WORK INSTRUCTIONS —
Beginning with the first line of the data below, reproduce every line unchanged, ending with the line that holds "have [zx|zx] := boolP (z \in O x).".

DATA FOR REVIEW —
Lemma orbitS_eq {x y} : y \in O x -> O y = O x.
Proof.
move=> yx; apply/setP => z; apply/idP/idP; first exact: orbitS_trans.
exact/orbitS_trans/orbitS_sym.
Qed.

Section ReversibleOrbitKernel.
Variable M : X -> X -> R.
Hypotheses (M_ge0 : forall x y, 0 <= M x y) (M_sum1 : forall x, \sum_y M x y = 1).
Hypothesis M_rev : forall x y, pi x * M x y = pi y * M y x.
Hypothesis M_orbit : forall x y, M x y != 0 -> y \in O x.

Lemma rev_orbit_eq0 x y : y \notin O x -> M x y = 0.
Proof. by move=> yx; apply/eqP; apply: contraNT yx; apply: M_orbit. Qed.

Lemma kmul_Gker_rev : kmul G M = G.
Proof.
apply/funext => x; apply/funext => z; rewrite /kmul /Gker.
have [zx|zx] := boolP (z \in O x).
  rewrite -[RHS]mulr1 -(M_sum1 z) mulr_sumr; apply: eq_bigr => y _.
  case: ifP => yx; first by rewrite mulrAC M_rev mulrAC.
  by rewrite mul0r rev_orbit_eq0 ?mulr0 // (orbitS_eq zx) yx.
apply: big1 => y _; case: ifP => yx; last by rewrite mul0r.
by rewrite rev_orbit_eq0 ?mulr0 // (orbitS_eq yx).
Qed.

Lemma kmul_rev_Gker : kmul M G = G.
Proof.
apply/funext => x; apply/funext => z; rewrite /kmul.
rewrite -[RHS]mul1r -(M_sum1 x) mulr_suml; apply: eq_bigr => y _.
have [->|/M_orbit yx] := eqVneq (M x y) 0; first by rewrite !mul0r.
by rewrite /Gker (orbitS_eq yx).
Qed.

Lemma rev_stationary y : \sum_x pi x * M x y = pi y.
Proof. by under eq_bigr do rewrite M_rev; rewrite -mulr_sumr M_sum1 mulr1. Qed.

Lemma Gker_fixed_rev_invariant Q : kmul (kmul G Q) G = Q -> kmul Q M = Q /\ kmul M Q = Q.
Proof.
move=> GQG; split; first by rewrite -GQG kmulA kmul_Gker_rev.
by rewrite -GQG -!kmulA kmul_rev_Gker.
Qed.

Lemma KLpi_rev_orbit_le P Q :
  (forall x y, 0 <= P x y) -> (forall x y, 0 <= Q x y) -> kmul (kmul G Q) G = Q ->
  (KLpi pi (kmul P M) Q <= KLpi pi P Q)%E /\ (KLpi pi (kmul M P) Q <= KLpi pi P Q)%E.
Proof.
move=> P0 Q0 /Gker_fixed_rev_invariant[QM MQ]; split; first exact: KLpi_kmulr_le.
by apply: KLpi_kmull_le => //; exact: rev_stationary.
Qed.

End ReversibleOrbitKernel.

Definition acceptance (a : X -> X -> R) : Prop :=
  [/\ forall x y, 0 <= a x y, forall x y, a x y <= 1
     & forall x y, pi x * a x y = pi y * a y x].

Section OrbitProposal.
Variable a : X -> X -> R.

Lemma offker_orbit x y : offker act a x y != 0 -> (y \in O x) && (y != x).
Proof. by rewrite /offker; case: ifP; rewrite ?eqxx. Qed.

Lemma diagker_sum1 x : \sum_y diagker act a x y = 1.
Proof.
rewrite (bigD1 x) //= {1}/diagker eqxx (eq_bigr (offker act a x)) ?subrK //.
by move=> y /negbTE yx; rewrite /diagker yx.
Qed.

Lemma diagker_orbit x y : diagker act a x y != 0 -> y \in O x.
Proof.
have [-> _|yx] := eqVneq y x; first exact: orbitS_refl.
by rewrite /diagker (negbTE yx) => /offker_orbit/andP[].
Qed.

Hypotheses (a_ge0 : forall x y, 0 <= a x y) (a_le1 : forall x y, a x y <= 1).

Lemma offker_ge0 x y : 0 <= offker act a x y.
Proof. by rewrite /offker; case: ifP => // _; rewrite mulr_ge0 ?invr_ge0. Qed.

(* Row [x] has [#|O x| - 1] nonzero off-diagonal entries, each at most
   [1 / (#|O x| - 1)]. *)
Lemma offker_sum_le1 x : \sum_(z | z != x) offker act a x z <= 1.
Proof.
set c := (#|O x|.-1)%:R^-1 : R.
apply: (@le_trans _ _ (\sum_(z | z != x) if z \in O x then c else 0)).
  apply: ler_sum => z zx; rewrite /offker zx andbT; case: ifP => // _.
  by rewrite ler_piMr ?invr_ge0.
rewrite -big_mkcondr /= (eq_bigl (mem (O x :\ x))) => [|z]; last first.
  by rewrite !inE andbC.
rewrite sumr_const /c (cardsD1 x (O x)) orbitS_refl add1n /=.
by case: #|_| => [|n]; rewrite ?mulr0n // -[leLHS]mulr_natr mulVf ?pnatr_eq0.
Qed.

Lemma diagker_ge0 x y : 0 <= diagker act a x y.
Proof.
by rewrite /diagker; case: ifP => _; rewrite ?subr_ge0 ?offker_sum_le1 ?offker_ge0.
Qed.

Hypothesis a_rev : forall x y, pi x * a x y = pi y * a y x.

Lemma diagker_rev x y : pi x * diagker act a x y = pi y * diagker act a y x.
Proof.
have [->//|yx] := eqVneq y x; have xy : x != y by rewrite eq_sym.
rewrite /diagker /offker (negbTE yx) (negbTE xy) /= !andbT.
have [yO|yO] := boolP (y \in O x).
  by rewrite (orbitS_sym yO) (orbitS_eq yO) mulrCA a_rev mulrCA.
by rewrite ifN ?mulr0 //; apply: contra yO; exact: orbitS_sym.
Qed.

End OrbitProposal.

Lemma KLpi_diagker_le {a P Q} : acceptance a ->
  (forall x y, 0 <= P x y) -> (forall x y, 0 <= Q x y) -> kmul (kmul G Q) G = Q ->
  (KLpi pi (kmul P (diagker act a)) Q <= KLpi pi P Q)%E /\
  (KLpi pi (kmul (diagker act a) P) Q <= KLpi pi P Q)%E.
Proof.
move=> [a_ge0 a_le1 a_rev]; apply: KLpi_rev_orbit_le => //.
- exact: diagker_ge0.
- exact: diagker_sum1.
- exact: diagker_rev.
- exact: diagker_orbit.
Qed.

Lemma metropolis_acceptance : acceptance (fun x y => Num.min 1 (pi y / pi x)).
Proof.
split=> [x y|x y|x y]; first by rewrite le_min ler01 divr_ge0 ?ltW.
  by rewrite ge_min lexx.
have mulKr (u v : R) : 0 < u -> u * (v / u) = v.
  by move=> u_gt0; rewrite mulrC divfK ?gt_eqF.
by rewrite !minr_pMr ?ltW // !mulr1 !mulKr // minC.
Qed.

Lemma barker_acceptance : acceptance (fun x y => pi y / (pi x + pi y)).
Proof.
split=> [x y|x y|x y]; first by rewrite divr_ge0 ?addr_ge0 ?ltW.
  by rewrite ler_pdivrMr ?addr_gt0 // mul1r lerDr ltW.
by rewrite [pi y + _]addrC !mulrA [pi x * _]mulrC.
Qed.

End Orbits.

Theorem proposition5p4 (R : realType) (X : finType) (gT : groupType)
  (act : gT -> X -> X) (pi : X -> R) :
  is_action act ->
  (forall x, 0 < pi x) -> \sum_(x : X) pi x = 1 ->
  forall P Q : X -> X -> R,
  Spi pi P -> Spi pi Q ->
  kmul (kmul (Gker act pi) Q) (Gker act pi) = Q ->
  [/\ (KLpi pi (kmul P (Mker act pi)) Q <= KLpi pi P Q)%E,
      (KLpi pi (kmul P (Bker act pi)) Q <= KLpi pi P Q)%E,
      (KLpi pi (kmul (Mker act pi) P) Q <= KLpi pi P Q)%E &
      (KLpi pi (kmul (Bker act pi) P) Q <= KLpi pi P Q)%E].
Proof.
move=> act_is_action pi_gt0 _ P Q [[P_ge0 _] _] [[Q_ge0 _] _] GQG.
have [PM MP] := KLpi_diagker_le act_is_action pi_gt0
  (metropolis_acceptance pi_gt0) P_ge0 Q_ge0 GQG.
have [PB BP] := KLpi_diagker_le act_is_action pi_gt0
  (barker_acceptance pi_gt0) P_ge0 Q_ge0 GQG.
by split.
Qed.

REPLY —
Lemma orbitS_eq {x y} : y \in O x -> O y = O x.
Proof.
move=> yx; apply/setP => z; apply/idP/idP; first exact: orbitS_trans.
exact/orbitS_trans/orbitS_sym.
Qed.

Section ReversibleOrbitKernel.
Variable M : X -> X -> R.
Hypotheses (M_ge0 : forall x y, 0 <= M x y) (M_sum1 : forall x, \sum_y M x y = 1).
Hypothesis M_rev : forall x y, pi x * M x y = pi y * M y x.
Hypothesis M_orbit : forall x y, M x y != 0 -> y \in O x.

Lemma rev_orbit_eq0 x y : y \notin O x -> M x y = 0.
Proof. by move=> yx; apply/eqP; apply: contraNT yx; apply: M_orbit. Qed.

Lemma kmul_Gker_rev : kmul G M = G.
Proof.
apply/funext => x; apply/funext => z; rewrite /kmul /Gker.
have [zx|zx] := boolP (z \in O x).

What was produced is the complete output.